Starting from the line in which "From HB Require Import structures." appears, output every line down to the last line of the data below, exactly and without anything more.

= Extracted data entries =
+===+

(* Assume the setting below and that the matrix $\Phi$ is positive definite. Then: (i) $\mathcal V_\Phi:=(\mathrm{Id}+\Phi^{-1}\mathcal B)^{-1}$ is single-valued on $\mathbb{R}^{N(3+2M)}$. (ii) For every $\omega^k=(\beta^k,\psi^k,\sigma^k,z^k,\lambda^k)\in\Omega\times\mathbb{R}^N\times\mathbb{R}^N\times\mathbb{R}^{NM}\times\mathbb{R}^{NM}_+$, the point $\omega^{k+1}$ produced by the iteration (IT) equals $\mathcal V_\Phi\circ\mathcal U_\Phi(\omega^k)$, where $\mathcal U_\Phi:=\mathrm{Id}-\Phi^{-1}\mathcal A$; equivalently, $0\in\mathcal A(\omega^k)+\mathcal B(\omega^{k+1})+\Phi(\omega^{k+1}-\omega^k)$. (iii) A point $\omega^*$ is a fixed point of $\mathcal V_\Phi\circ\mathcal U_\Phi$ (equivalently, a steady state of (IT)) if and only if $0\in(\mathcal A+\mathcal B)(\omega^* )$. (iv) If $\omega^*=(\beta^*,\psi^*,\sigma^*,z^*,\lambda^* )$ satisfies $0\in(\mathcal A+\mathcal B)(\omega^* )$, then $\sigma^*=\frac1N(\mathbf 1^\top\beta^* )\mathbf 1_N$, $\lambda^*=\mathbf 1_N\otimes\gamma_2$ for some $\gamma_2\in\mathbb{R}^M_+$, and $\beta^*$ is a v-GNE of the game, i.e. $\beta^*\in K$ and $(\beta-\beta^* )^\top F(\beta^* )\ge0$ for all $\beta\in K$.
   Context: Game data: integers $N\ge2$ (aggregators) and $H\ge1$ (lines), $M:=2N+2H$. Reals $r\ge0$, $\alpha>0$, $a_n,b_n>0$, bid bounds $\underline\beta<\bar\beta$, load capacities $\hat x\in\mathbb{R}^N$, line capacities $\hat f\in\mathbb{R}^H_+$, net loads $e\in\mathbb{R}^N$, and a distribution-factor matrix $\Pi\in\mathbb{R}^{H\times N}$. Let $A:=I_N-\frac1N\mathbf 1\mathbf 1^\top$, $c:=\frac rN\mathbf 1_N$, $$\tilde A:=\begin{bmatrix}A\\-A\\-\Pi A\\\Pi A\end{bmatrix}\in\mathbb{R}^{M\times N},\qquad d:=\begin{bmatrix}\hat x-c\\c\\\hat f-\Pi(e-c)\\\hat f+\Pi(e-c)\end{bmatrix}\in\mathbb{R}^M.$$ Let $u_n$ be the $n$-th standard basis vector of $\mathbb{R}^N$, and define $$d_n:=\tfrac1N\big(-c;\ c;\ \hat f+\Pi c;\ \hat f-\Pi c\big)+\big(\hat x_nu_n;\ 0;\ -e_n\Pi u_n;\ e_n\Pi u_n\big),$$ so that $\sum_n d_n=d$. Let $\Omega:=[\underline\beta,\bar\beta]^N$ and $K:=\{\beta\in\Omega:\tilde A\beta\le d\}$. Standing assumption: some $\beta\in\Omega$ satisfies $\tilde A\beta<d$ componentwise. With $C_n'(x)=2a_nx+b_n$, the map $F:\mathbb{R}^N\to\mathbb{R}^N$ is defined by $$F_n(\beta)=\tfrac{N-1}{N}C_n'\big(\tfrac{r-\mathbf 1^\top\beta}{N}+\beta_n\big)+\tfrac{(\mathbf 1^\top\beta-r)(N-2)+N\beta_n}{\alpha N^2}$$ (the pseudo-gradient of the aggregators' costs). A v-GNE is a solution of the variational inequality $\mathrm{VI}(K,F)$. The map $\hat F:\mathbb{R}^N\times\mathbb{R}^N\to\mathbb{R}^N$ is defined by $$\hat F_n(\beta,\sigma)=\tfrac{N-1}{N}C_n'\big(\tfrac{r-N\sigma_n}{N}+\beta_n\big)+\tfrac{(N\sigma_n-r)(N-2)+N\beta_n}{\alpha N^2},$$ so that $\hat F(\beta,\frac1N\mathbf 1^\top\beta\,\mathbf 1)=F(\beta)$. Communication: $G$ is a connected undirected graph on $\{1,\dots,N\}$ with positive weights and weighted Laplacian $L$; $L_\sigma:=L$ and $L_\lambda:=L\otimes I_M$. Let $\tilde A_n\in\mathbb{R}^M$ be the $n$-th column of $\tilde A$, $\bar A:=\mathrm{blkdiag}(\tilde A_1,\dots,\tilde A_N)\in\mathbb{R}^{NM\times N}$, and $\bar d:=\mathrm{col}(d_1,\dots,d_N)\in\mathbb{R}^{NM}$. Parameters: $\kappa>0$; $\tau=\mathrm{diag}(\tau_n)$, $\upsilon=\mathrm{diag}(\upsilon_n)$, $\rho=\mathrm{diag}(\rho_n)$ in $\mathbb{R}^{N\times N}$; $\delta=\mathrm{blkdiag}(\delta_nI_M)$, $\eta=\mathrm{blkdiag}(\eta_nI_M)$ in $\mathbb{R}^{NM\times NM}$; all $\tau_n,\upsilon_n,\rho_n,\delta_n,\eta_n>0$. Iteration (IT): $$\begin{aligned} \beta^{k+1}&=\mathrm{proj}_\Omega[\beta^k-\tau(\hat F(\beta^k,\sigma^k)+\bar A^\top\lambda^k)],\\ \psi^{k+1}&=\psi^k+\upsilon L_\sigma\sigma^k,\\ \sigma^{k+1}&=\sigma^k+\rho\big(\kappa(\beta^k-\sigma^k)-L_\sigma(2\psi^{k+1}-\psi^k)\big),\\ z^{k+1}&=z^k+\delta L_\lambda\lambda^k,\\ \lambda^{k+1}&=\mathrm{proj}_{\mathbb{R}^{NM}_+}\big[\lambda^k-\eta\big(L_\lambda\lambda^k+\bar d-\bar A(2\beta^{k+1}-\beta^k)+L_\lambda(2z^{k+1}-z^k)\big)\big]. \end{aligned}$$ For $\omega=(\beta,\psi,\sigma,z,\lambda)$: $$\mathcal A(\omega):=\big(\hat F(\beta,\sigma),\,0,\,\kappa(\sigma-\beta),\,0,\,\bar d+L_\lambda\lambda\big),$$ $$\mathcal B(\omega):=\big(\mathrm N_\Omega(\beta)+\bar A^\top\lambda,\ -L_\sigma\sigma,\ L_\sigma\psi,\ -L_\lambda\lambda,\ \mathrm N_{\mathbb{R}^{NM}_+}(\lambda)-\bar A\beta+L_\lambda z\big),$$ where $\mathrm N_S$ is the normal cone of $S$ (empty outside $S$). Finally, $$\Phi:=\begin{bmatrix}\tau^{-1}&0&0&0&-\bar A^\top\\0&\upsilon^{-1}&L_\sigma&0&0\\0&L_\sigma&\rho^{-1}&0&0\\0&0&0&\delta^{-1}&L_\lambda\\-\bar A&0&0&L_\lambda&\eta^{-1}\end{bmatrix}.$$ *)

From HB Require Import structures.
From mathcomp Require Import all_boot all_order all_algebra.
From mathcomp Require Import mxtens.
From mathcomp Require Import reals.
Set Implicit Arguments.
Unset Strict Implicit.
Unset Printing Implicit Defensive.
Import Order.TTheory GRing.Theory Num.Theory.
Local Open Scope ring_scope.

+===+

= Result for this task =
From HB Require Import structures.
From mathcomp Require Import all_boot all_order all_algebra.
From mathcomp Require Import mxtens.
From mathcomp Require Import reals.
Set Implicit Arguments.
Unset Strict Implicit.
Unset Printing Implicit Defensive.
Import Order.TTheory GRing.Theory Num.Theory.
Local Open Scope ring_scope.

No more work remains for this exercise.